Swedes on the Danube

Synopsis:

This is a highly-stylized play that focuses on four nuns in an Austrian convent during the Thirty Years War of the 17th century, although audiences need not know any of the history to understand the play perfectly. The women assume they will be captured by French soldiers but soon learn that their captors will be Swedes, whom they consider far more frightening.  The play asks: what do we do when time is short, as it always is.  Each character reacts in a very different way.

History:

First produced at Cambridge University, the play then went to the Edinburgh Festival Fringe where the daily newspaper, The Scotsman, called it “a beautiful, finely-cut diamond of a play…With classical sparseness and precision…”


The Death of Big Momma

Synopsis:

A sniper kills people he does not know but not at random.

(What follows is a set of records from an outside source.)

(* Let $S$ be a $\Gamma$-AG$^{**}$-groupoid. Then $S$ is intra-regular if and only if $A=(S\Gamma A)\Gamma(S\Gamma A)$ for every left $\Gamma$-ideal $A$ of $S$.
   Context: Let $S$ and $\Gamma$ be nonempty sets with a map $S\times\Gamma\times S\to S$, $(x,\gamma,y)\mapsto x\gamma y$. $S$ is a $\Gamma$-AG-groupoid if $(x\gamma y)\delta z=(z\gamma y)\delta x$ for all $x,y,z\in S$, $\gamma,\delta\in\Gamma$; it is a $\Gamma$-AG$^{**}$-groupoid if moreover $a\alpha(b\beta c)=b\alpha(a\beta c)$ for all $a,b,c\in S$, $\alpha,\beta\in\Gamma$. For subsets $A,B\subseteq S$, $A\Gamma B=\{a\gamma b: a\in A,\gamma\in\Gamma,b\in B\}$. $S$ is intra-regular if for every $a\in S$ there exist $x,y\in S$ and $\beta,\gamma,\delta\in\Gamma$ with $a=(x\beta(a\delta a))\gamma y$. A nonempty subset $A$ is a left $\Gamma$-ideal if $S\Gamma A\subseteq A$. *)

Definition gamma_AG {S G : Type} (op : S -> G -> S -> S) : Prop :=
  forall (x y z : S) (g d : G), op (op x g y) d z = op (op z g y) d x.

Definition gamma_AGss {S G : Type} (op : S -> G -> S -> S) : Prop :=
  gamma_AG op /\
  forall (a b c : S) (al be : G), op a al (op b be c) = op b al (op a be c).

Definition gprod {S G : Type} (op : S -> G -> S -> S) (A B : S -> Prop) : S -> Prop :=
  fun s => exists a g b, A a /\ B b /\ s = op a g b.

Definition fullset {S : Type} : S -> Prop := fun _ => True.

Definition subset {S : Type} (A B : S -> Prop) : Prop := forall s, A s -> B s.

Definition set_eq {S : Type} (A B : S -> Prop) : Prop := forall s, A s <-> B s.

Definition left_gamma_ideal {S G : Type} (op : S -> G -> S -> S) (A : S -> Prop) : Prop :=
  (exists a, A a) /\ subset (gprod op fullset A) A.

Definition intra_regular {S G : Type} (op : S -> G -> S -> S) : Prop :=
  forall a : S, exists (x y : S) (be ga de : G), a = op (op x be (op a de a)) ga y.


(* If a = (x b (a d a)) g y, the AG-laws rewrite this as a = (y b (x d a)) g a; for a in a
   left ideal A both factors lie in S Γ A, which gives A ⊆ (SΓA)Γ(SΓA), and the reverse
   inclusion holds for any left ideal.  Conversely, the hypothesis applied to A = S shows
   that every element is a product, which makes A = {a} ∪ SΓa a left ideal; writing
   a ∈ (SΓA)Γ(SΓA) and using the medial law gives a = p d (a e a), from which
   intra-regularity follows by one more use of the AG-laws. *)

Section GammaAG.

Variables (S G : Type) (op : S -> G -> S -> S).

Hypothesis invertive : gamma_AG op.

Lemma gamma_AG_medial (a b c f : S) (g d e : G) :
  op (op a g b) d (op c e f) = op (op a g c) d (op b e f).
Proof.
  rewrite invertive, (invertive c f b e g), invertive. reflexivity.
Qed.

Lemma left_ideal_gprod_sub (B A : S -> Prop) :
  left_gamma_ideal op A -> subset (gprod op B A) A.
Proof.
  intros [_ Hsub] s [x [g [b [_ [Hb ->]]]]].
  apply Hsub. exists x, g, b. repeat split; assumption.
Qed.

Lemma left_ideal_gprod_square_sub (A : S -> Prop) :
  left_gamma_ideal op A ->
  subset (gprod op (gprod op fullset A) (gprod op fullset A)) A.
Proof.
  intros HA s Hs.
  apply (left_ideal_gprod_sub (gprod op fullset A)); [exact HA |].
  destruct Hs as [p [d [q [Hp [Hq ->]]]]].
  exists p, d, q. repeat split; [exact Hp |].
  exact (left_ideal_gprod_sub fullset A HA q Hq).
Qed.

Lemma fullset_left_ideal : inhabited S -> left_gamma_ideal op (@fullset S).
Proof.
  intros [s0]. split; [exists s0; exact I | intros s _; exact I].
Qed.

Hypothesis swap : forall (a b c : S) (al be : G), op a al (op b be c) = op b al (op a be c).

Lemma gamma_AGss_paramedial (x y z w : S) (g d e : G) :
  op (op x g y) d (op z e w) = op (op w g y) d (op z e x).
Proof.
  rewrite swap, invertive, swap. reflexivity.
Qed.

Lemma intra_regular_eq (a x y : S) (be ga de : G) :
  a = op (op x be (op a de a)) ga y -> a = op (op y be (op x de a)) ga a.
Proof.
  intros Ha. rewrite invertive, swap. exact Ha.
Qed.

Lemma intra_regular_left_ideal_sub (A : S -> Prop) :
  intra_regular op -> left_gamma_ideal op A ->
  subset A (gprod op (gprod op fullset A) (gprod op fullset A)).
Proof.
  intros Hir HA a Aa.
  destruct (Hir a) as [x [y [be [ga [de Ha]]]]].
  apply intra_regular_eq in Ha.
  assert (Axa : A (op x de a)).
  { apply (left_ideal_gprod_sub fullset A HA). exists x, de, a. repeat split; auto. }
  exists (op y be (op x de a)), ga, a. repeat split.
  - exists y, be, (op x de a). repeat split; auto.
  - exists (op y be (op x de a)), ga, a. repeat split; auto.
  - exact Ha.
Qed.

Section EveryProduct.

Hypothesis every_product : forall s : S, exists p h q, s = op p h q.

Lemma left_mul_left_translate (a s t : S) (g e : G) :
  exists u f, op s g (op t e a) = op u f a.
Proof.
  destruct (every_product s) as [p [h [q ->]]].
  exists (op (op q e p) h t), g.
  rewrite gamma_AG_medial, gamma_AGss_paramedial, invertive. reflexivity.
Qed.

Definition left_ideal_gen (a : S) : S -> Prop :=
  fun b => b = a \/ exists u f, b = op u f a.

Lemma left_mul_left_ideal_gen (a x b : S) (g : G) :
  left_ideal_gen a b -> exists u f, op x g b = op u f a.
Proof.
  intros [-> | [u [f ->]]].
  - exists x, g. reflexivity.
  - apply left_mul_left_translate.
Qed.

Lemma left_ideal_gen_left_ideal (a : S) : left_gamma_ideal op (left_ideal_gen a).
Proof.
  split; [exists a; left; reflexivity |].
  intros s [x [g [b [_ [Hb ->]]]]].
  right. exact (left_mul_left_ideal_gen a x b g Hb).
Qed.

Lemma left_ideal_gen_square (a : S) :
  gprod op (gprod op fullset (left_ideal_gen a)) (gprod op fullset (left_ideal_gen a)) a ->
  exists p d e, a = op p d (op a e a).
Proof.
  intros [p [d [q [[x [g [b [_ [Hb ->]]]]] [[y [e [c [_ [Hc ->]]]]] Ha]]]]].
  destruct (left_mul_left_ideal_gen a x b g Hb) as [s1 [g1 E1]].
  destruct (left_mul_left_ideal_gen a y c e Hc) as [t1 [e1 E2]].
  rewrite E1, E2, gamma_AG_medial in Ha.
  exists (op s1 g1 t1), d, e1. exact Ha.
Qed.

End EveryProduct.

Lemma intra_regular_of_eq (a p : S) (d e : G) :
  a = op p d (op a e a) -> exists (x y : S) (be ga de : G), a = op (op x be (op a de a)) ga y.
Proof.
  intros Ha. exists (op p e a), p, d, d, e.
  rewrite invertive, <- Ha, swap. exact Ha.
Qed.

End GammaAG.

Theorem mainTheorem13 (S G : Type) (op : S -> G -> S -> S)
  (hS : inhabited S) (hG : inhabited G) (hAG : gamma_AGss op) :
  intra_regular op <->
  (forall A : S -> Prop, left_gamma_ideal op A ->
     set_eq A (gprod op (gprod op fullset A) (gprod op fullset A))).
Proof.
  destruct hAG as [invertive swap].
  split.
  - intros Hir A HA s. split.
    + apply intra_regular_left_ideal_sub; assumption.
    + apply left_ideal_gprod_square_sub; assumption.
  - intros H a.
    assert (every_product : forall s : S, exists p h q, s = op p h q).
    { intros s.
      destruct (proj1 (H _ (fullset_left_ideal S G op hS) s) I) as [p [h [q [_ [_ E]]]]].
      exists p, h, q. exact E. }
    assert (Ha : left_ideal_gen S G op a a) by (left; reflexivity).
    apply (H _ (left_ideal_gen_left_ideal S G op invertive swap every_product a)) in Ha.
    destruct (left_ideal_gen_square S G op invertive swap every_product a Ha) as [p [d [e Ea]]].
    exact (intra_regular_of_eq S G op invertive swap a p d e Ea).
Qed.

He is very selective, believing that he is an artist, a reformer, and a crusading terrorist.  He is clear about his art but not his motives, especially about what he wants to reform   The play has one major part and eight small ones.

History:

The play was performed on several stages at Cambridge University and then taken to the Edinburgh Festival Fringe where the newspaper The Scotsman, said, it “is concerned with related issues of death, war, and urban guerrillas. The density of meaning that arises is unexpected and thought provoking."


Xingu

Synopsis:

This is a comedy about a young British Foreign Service officer (although he could easily be American) who decides to give up his career and live with the aboriginal people deep in the Xingu (pronounced shing-GOO) region of Brazil.  There are three other characters--a young woman, who thinks his plans interesting, or at least amusing, and his mother and an older colleague, both of whom think he has lost his mind. They try in various ways to dissuade him.  The action takes place in the Rio de Janeiro airport.

History:

The play was requested for an evening of three one-acts at Cambridge University on the theme of Heaven, Hell, and Purgatory.  I was asked to do Heaven. Later the show was performed at the Summer Festival of the Source Theatre in Washington, DC, to full houses and enthusiastic audiences.


Ten-minute:

Remember Nora?

Synopsis:

A 10-minute sequel to Ibsen’s “A Doll’s House,” the play opens with Nora shouting “Torvald, I’m back!”  She has taken a course in assertiveness in New York. Meanwhile, Torvald is in bed with Christine, who mistakenly thinks he got a divorce. Things unfold, or unravel, from there.  It is not necessary to remember Ibsen’s play to enjoy this one, although it would increase the fun.

History:

The Source Theatre in Washington, DC, requested the play to be part of a series of 10-minute plays. It was very well received and its run extended from one to four nights, the Festival’s maximum run.


Atoning for Joan

Synopsis:

The play presumes that the two characters are America’s first two women fighter pilots to go into combat and that this is their first combat mission.  It explores certain issues for women in war, in this case whether the true challenge is to be the best warrior possible or whether being a warrior at all means playing a very bad man’s game.

History:

The Play was requested by the Washington, DC, Source Theatre for its summer festival.  It was one of three very short plays on a theme of Joan of Arc done at the French Embassy.